Activity: Copy verbatim the block of lines in the entries below whose first line contains "by rewrite -[k]/(nat_of_ord" and whose last line contains "(* For $0<\mu<1$". Leave out all other lines.
┏━━
(* Let $\mathbf A\in\mathbb R^{n\times p}$ have columns $\mathbf a_1,\dots,\mathbf a_p$ normalized to a common norm, $\|\mathbf a_k\|_2=c$ for $k=1,\dots,p$, and let $\mathbf y\in\mathbb R^n$. Let $\mathbf w$ be a weight vector as in the context and $\Delta:=\min\{w_l-w_{l+1}: l=1,\dots,p-1\}$. Let $\widehat{\mathbf x}$ be any minimizer of $$\frac12\|\mathbf A\mathbf x-\mathbf y\|_2^2+\Omega_{\mathbf w}(\mathbf x)$$ over $\mathbf x\in\mathbb R^p$. Then for every pair of columns $(i,j)$ for which $\|\mathbf y\|_2\,\|\operatorname{sign}(\widehat x_i)\mathbf a_i-\operatorname{sign}(\widehat x_j)\mathbf a_j\|_2<\Delta$, we have $|\widehat x_i|=|\widehat x_j|$.
   Context: $\mathbf w=(w_1,\dots,w_p)\in\mathbb R^p_+$ satisfies $w_1\ge w_2\ge\cdots\ge w_p\ge0$ and $w_1>0$. The ordered weighted $\ell_1$ (OWL) norm is $\Omega_{\mathbf w}(\mathbf x)=\sum_{i=1}^p w_i|x|_{[i]}$, where $|x|_{[i]}$ denotes the $i$-th largest component of $\mathbf x$ in magnitude. $\operatorname{sign}$ denotes the sign function. *)

From HB Require Import structures.
From mathcomp Require Import all_boot all_order all_algebra.
Set Implicit Arguments. Unset Strict Implicit. Unset Printing Implicit Defensive.
Import Order.TTheory GRing.Theory Num.Theory.
Local Open Scope ring_scope.

Definition l2norm (R : rcfType) (m : nat) (v : 'cV[R]_m) : R :=
  Num.sqrt (\sum_(i < m) v i 0 ^+ 2).

(* magnitudes of the entries of x, sorted in nonincreasing order:
   (sorted_abs x)`_i = |x|_[i+1] *)
Definition sorted_abs (R : rcfType) (m : nat) (x : 'cV[R]_m) : seq R :=
  sort (fun a b : R => b <= a) [seq `|x i 0| | i <- enum 'I_m].

Definition owl (R : rcfType) (m : nat) (w : 'I_m -> R) (x : 'cV[R]_m) : R :=
  \sum_(i < m) w i * (sorted_abs x)`_i.

Definition owl_obj (R : rcfType) (n m : nat) (A : 'M[R]_(n, m)) (y : 'cV[R]_n)
  (w : 'I_m -> R) (x : 'cV[R]_m) : R :=
  2^-1 * l2norm (A *m x - y) ^+ 2 + owl w x.

(* weights indexed by 'I_p.+1 (paper's p is p.+1 here).
   Delta = min_{l = 1..p} (w_l - w_{l+1}); the seed w_1 of the fold does not
   change the value when p >= 1 since w_l - w_{l+1} <= w_1 - w_{p+1} <= w_1. *)
Definition owl_gap (R : rcfType) (p : nat) (w : 'I_p.+1 -> R) : R :=
  \big[Num.min/w ord0]_(l < p) (w (widen_ord (leqnSn p) l) - w (lift ord0 l)).

From mathcomp Require Import all_boot all_order all_algebra all_fingroup.
From mathcomp Require Import ring lra zify.
Import Order.TTheory GRing.Theory Num.Theory.
Set Implicit Arguments. Unset Strict Implicit. Unset Printing Implicit Defensive.
Local Open Scope ring_scope.

(* If |x_j| < |x_i| at a minimizer x, move a small amount e of magnitude from
   coordinate i to coordinate j, taking it from the last slot of |x_i| in the
   sorted magnitudes and giving it to the first slot of |x_j|.  The sorted order
   survives, so the OWL penalty drops by e (w_ri - w_rj) >= e Delta.  The data
   term grows by e <A x - y, D> + O(e^2), where the direction D is
   -(sign(x_i) a_i - sign(x_j) a_j) (when x_j = 0 the sign given to a_j is chosen
   against the residual), and <A x - y, D> <= |y| |D| because the residual of a
   minimizer is no longer than y.  So for small e the objective decreases. *)

Section Euclidean.
Variables (R : rcfType) (n : nat).
Implicit Types (u v : 'cV[R]_n) (e : R).

Definition vdot u v : R := \sum_(k < n) u k 0 * v k 0.
Definition sqnorm v : R := \sum_(k < n) v k 0 ^+ 2.

Lemma sqnorm_ge0 v : 0 <= sqnorm v.
Proof. by apply: sumr_ge0 => k _; apply: sqr_ge0. Qed.

Lemma l2norm_ge0 v : 0 <= l2norm v.
Proof. exact: sqrtr_ge0. Qed.

Lemma l2norm_sqr v : l2norm v ^+ 2 = sqnorm v.
Proof. by rewrite sqr_sqrtr // sqnorm_ge0. Qed.

Lemma sqnormN v : sqnorm (- v) = sqnorm v.
Proof. by apply: eq_bigr => k _; rewrite mxE sqrrN. Qed.

Lemma l2normN v : l2norm (- v) = l2norm v.
Proof. by rewrite /l2norm -/(sqnorm _) sqnormN. Qed.

Lemma sqnormDZ u v e :
  sqnorm (u + e *: v) = sqnorm u + 2 * e * vdot u v + e ^+ 2 * sqnorm v.
Proof.
rewrite /sqnorm /vdot !mulr_sumr -!big_split /=.
by apply: eq_bigr => k _; rewrite !mxE; ring.
Qed.

Lemma sqnorm_eq0 v : sqnorm v = 0 -> forall k, v k 0 = 0.
Proof.
move=> v0 k; apply/eqP; rewrite -sqrf_eq0; apply/eqP.
exact: (psumr_eq0P (fun k _ => sqr_ge0 (v k 0)) v0).
Qed.

Lemma cauchy_schwarz u v : `|vdot u v| <= l2norm u * l2norm v.
Proof.
rewrite -[X in X <= _]sqrtr_sqr /l2norm -sqrtrM ?sqnorm_ge0 //.
apply: ler_wsqrtr; rewrite -/(sqnorm u) -/(sqnorm v).
have [v0|v_neq0] := eqVneq (sqnorm v) 0.
  rewrite v0 mulr0 /vdot big1 ?expr0n // => k _.
  by rewrite (sqnorm_eq0 v0) mulr0.
have v_gt0 : 0 < sqnorm v by rewrite lt_def v_neq0 sqnorm_ge0.
rewrite -subr_ge0.
suff -> : sqnorm u * sqnorm v - vdot u v ^+ 2
          = sqnorm v * sqnorm (u + (- (vdot u v / sqnorm v)) *: v).
  by rewrite mulr_ge0 ?sqnorm_ge0.
by rewrite sqnormDZ; field.
Qed.

End Euclidean.

Section SortedAbs.
Variables (R : rcfType) (m : nat).
Implicit Types (x : 'cV[R]_m) (pi : 'S_m).

Local Notation ger := (fun a b : R => b <= a).

Lemma ger_total : total ger.
Proof. by move=> a b; rewrite orbC le_total. Qed.

Lemma ger_trans : transitive ger.
Proof. by move=> a b c /= ba cb; apply: le_trans cb ba. Qed.

Lemma ger_anti : antisymmetric ger.
Proof. by move=> a b /andP[ba ab]; apply/eqP; rewrite eq_le ab ba. Qed.

Lemma nth_map_enum_ord (T : Type) (f : 'I_m -> T) (x0 : T) (k : 'I_m) :
  nth x0 [seq f i | i <- enum 'I_m] k = f k.
Proof. by rewrite (nth_map k) ?size_enum_ord // nth_ord_enum. Qed.

Lemma size_sorted_abs x : size (sorted_abs x) = m.
Proof. by rewrite size_sort size_map size_enum_ord. Qed.

Lemma sorted_abs_nonincr x (k l : nat) :
  (k <= l)%N -> (l < m)%N -> (sorted_abs x)`_l <= (sorted_abs x)`_k.
Proof.
move=> kl lm; apply: (sorted_leq_nth ger_trans (fun a => lexx a)) => //;
  rewrite ?(sort_sorted ger_total) // inE size_sorted_abs //.
exact: leq_ltn_trans lm.
Qed.

Lemma sorted_abs_perm x : exists pi, forall k : 'I_m, (sorted_abs x)`_k = `|x (pi k) 0|.
Proof.
have : perm_eq (sorted_abs x) [tuple `|x i 0| | i < m] by rewrite perm_sort.
case/tuple_permP => pi ->; exists pi => k.
by rewrite -tnth_nth !tnth_mktuple.
Qed.

Lemma sorted_abs_index x (i : 'I_m) : exists k : 'I_m, (sorted_abs x)`_k = `|x i 0|.
Proof. by have [pi hpi] := sorted_abs_perm x; exists (pi^-1 i)%g; rewrite hpi permKV. Qed.

Lemma sorted_abs_ge0 x k : 0 <= (sorted_abs x)`_k.
Proof.
have [km|mk] := ltnP k m; last by rewrite nth_default ?size_sorted_abs.
have [pi hpi] := sorted_abs_perm x.
by rewrite -[k]/(nat_of_ord (Ordinal km)) hpi.
Qed.
(* For $0<\mu<1$ and $x\in\mathbb T^2$ let $K^+(x)=\{v=(v_1,v_2)\in\mathbb R^2:|v_2|<\mu|v_1|\}$ and $K^-(x)=\{v=(v_1,v_2):|v_1|<\mu|v_2|\}$ (tangent vectors written in the coordinates given by the eigendirections of $A$). There exists $0<\mu_0<1$ such that for all $\mu_0<\mu<1$ and all $x\in\mathbb T^2$, $$DG\,K^+(x)\subseteq K^+(G(x)),\qquad (DG)^{-1}K^-(G(x))\subseteq K^-(x).$$
   Context: Let $A=\begin{pmatrix}2&1\\1&1\end{pmatrix}$ on $\mathbb T^2$, $\lambda>1$ its largest eigenvalue, $(s_1,s_2)$ eigen-coordinates ($s_1$ expanding, $s_2$ contracting). Fix $0<\alpha<1$, $0<r_0<1$ and $\psi:[0,1]\to[0,1]$, $C^\infty$ except at $0$, with $\psi=1$ on $[r_0,1]$, $\psi'>0$ and decreasing on $(0,r_0)$, and $\psi(u)=(u/r_0)^\alpha$ for $0\le u\le r_0/2$. Let $D_r=\{s_1^2+s_2^2\le r\}$ (with $D_{r_0}\subset\mathrm{Int}\,A(D_{r_1})\cap\mathrm{Int}\,A^{-1}(D_{r_1})$, $r_1=2r_0\log\lambda$). $G$ is the homeomorphism of $\mathbb T^2$ equal to $A$ outside $D_{r_0}$ and, on $D_{r_0}$, to the time-one map of the flow $\dot s_1=s_1\psi(s_1^2+s_2^2)\log\lambda$, $\dot s_2=-s_2\psi(s_1^2+s_2^2)\log\lambda$. *)

From Stdlib Require Import Reals.
From Coquelicot Require Import Coquelicot.
Open Scope R_scope.

(** Largest eigenvalue of A = [[2,1],[1,1]]. *)
Definition lam : R := (3 + sqrt 5) / 2.

(** Eigen-coordinates (s1,s2) of a point/vector x = (x1,x2) of R^2, w.r.t. the
    orthonormal eigenbasis e1 = (1, lam-2)/N (expanding, eigenvalue lam),
    e2 = (-(lam-2), 1)/N (contracting, eigenvalue 1/lam). *)
Definition eigN : R := sqrt (1 + (lam - 2) ^ 2).
Definition eig (x : R * R) : R * R :=
  ((fst x + (lam - 2) * snd x) / eigN, (- (lam - 2) * fst x + snd x) / eigN).

Definition latt (m n : Z) : R * R := eig (IZR m, IZR n).

(** The linear map A in eigen-coordinates: diag(lam, 1/lam). *)
Definition Aeig (s : R * R) : R * R := (lam * fst s, snd s / lam).

Definition in_disk (r : R) (m n : Z) (p : R * R) : Prop :=
  (fst p - fst (latt m n)) ^ 2 + (snd p - snd (latt m n)) ^ 2 <= r.

(** The vector field  s1' = s1 psi(s1^2+s2^2) log lam,
                       s2' = - s2 psi(s1^2+s2^2) log lam
    (psi is only given on [0,1]; it is extended by its value 1 beyond 1). *)
Definition vfield (psi : R -> R) (s : R * R) : R * R :=
  let c := psi (Rmin (fst s ^ 2 + snd s ^ 2) 1) * ln lam in
  (fst s * c, - (snd s * c)).

Definition psi_ok (alpha r0 : R) (psi : R -> R) : Prop :=
  (forall u, 0 <= u <= 1 -> 0 <= psi u <= 1) /\
  (forall k u, 0 < u < 1 -> ex_derive_n psi k u) /\
  (forall u, r0 <= u <= 1 -> psi u = 1) /\
  (forall u, 0 < u < r0 -> 0 < Derive psi u) /\
  (forall u w, 0 < u -> u <= w -> w < r0 -> Derive psi w <= Derive psi u) /\
  psi 0 = 0 /\
  (forall u, 0 < u <= r0 / 2 -> psi u = Rpower (u / r0) alpha).

Definition is_flow (psi : R -> R) (phi : R -> R * R -> R * R) : Prop :=
  (forall p, phi 0 p = p) /\
  (forall t p, is_derive (fun t => phi t p) t (vfield psi (phi t p))).

(** G (lifted to R^2, in eigen-coordinates): time-one map of the flow on the
    disks D_{r0} around the lattice points, and A elsewhere. *)
Definition is_G (r0 : R) (phi : R -> R * R -> R * R) (G : R * R -> R * R) : Prop :=
  (forall m n p, in_disk r0 m n p ->
     let q := (fst p - fst (latt m n), snd p - snd (latt m n)) in
     G p = (fst (Aeig (latt m n)) + fst (phi 1 q),
            snd (Aeig (latt m n)) + snd (phi 1 q))) /\
  (forall p, (forall m n, ~ in_disk r0 m n p) -> G p = Aeig p).

Definition Kplus (mu : R) (v : R * R) : Prop := Rabs (snd v) < mu * Rabs (fst v).
Definition Kminus (mu : R) (v : R * R) : Prop := Rabs (fst v) < mu * Rabs (snd v).

(* Write [K^+ = {cone_form mu < 0}] and [K^- = {cone_form (1/mu) > 0}] with
   [cone_form k v = v2^2 - k^2 v1^2]; it suffices that [DG] does not increase
   [cone_form k] for every [k] in [[1/2, 2]], which gives [mu0 = 1/2].
   Away from the disks [DG = A = diag(lam, 1/lam)], which clearly does not.
   Inside a disk [G] is the time-one map of the field [h(|s|^2) (s1, -s2)],
   where [h >= 0] is nondecreasing and [h(x)/x] is nonincreasing (concavity of
   [psi]); along two trajectories [a], [b] the quantity [cone_form k (b - a)]
   then decreases, so finite differences of [G], and hence [DG], do not increase
   it. At a point [p] the derivative is read off along rays [p + t v], t -> 0+:
   the disks are uniformly separated, so a short ray either stays in one disk
   or avoids all of them, and in the latter case differentiability forces
   [G p = A p] even if [p] lies on the boundary of a disk. *)

From Stdlib Require Import Reals Lra Psatz ZArith Classical.
From Coquelicot Require Import Coquelicot.
Open Scope R_scope.

Definition vsub (a b : R * R) : R * R := (fst a - fst b, snd a - snd b).

Definition cone_form (k : R) (v : R * R) : R := snd v ^ 2 - k ^ 2 * fst v ^ 2.

Definition ray (p v : R * R) (t : R) : R * R := (fst p + t * fst v, snd p + t * snd v).

Lemma Kplus_cone_form mu v : 0 <= mu -> Kplus mu v <-> cone_form mu v < 0.
Proof.
  intros Hmu. unfold Kplus, cone_form.
  rewrite <- (Rabs_pos_eq mu) at 1 by exact Hmu. rewrite <- Rabs_mult.
  split; intros H.
  - apply Rsqr_lt_abs_1 in H. rewrite !Rsqr_pow2 in H. lra.
  - apply Rsqr_lt_abs_0. rewrite !Rsqr_pow2. lra.
Qed.

Lemma Kminus_cone_form mu w : 0 < mu -> Kminus mu w <-> 0 < cone_form (/ mu) w.
Proof.
  intros Hmu. unfold Kminus, cone_form.
  replace ((/ mu) ^ 2 * fst w ^ 2) with ((fst w / mu) ^ 2) by (field; lra).
  rewrite <- !Rsqr_pow2.
  assert (E : Rabs (fst w / mu) * mu = Rabs (fst w)).
  { unfold Rdiv. rewrite Rabs_mult, Rabs_inv, (Rabs_pos_eq mu) by lra. field. lra. }
  split; intros H.
  - cut ((fst w / mu)² < (snd w)²); [lra|].
    apply Rsqr_lt_abs_1. apply (Rmult_lt_reg_r mu); [exact Hmu|]. lra.
  - assert (Hlt : Rabs (fst w / mu) < Rabs (snd w)) by (apply Rsqr_lt_abs_0; lra).
    rewrite <- E. rewrite (Rmult_comm mu). apply Rmult_lt_compat_r; assumption.
Qed.

Lemma cone_form_scal k t v : cone_form k (t * fst v, t * snd v) = t ^ 2 * cone_form k v.
Proof. unfold cone_form; cbn [fst snd]. ring. Qed.

Lemma lam_gt_1 : 1 < lam.
Proof. unfold lam. generalize (sqrt_pos 5). lra. Qed.

Lemma cone_form_Aeig_le k v : cone_form k (Aeig v) <= cone_form k v.
Proof.
  unfold cone_form, Aeig; cbn [fst snd]. assert (Hl := lam_gt_1).
  assert (Hl2 : 1 <= lam ^ 2) by nra.
  replace ((snd v / lam) ^ 2) with (snd v ^ 2 / lam ^ 2) by (field; lra).
  assert (snd v ^ 2 / lam ^ 2 <= snd v ^ 2).
  { apply (Rmult_le_reg_r (lam ^ 2)); [lra|].
    replace (snd v ^ 2 / lam ^ 2 * lam ^ 2) with (snd v ^ 2) by (field; lra).
    generalize (pow2_ge_0 (snd v)). nra. }
  generalize (pow2_ge_0 k) (pow2_ge_0 (fst v)). nra.
Qed.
┗━━
Solution to this task:
by rewrite -[k]/(nat_of_ord (Ordinal km)) hpi.
Qed.
(* For $0<\mu<1$ and $x\in\mathbb T^2$ let $K^+(x)=\{v=(v_1,v_2)\in\mathbb R^2:|v_2|<\mu|v_1|\}$ and $K^-(x)=\{v=(v_1,v_2):|v_1|<\mu|v_2|\}$ (tangent vectors written in the coordinates given by the eigendirections of $A$). There exists $0<\mu_0<1$ such that for all $\mu_0<\mu<1$ and all $x\in\mathbb T^2$, $$DG\,K^+(x)\subseteq K^+(G(x)),\qquad (DG)^{-1}K^-(G(x))\subseteq K^-(x).$$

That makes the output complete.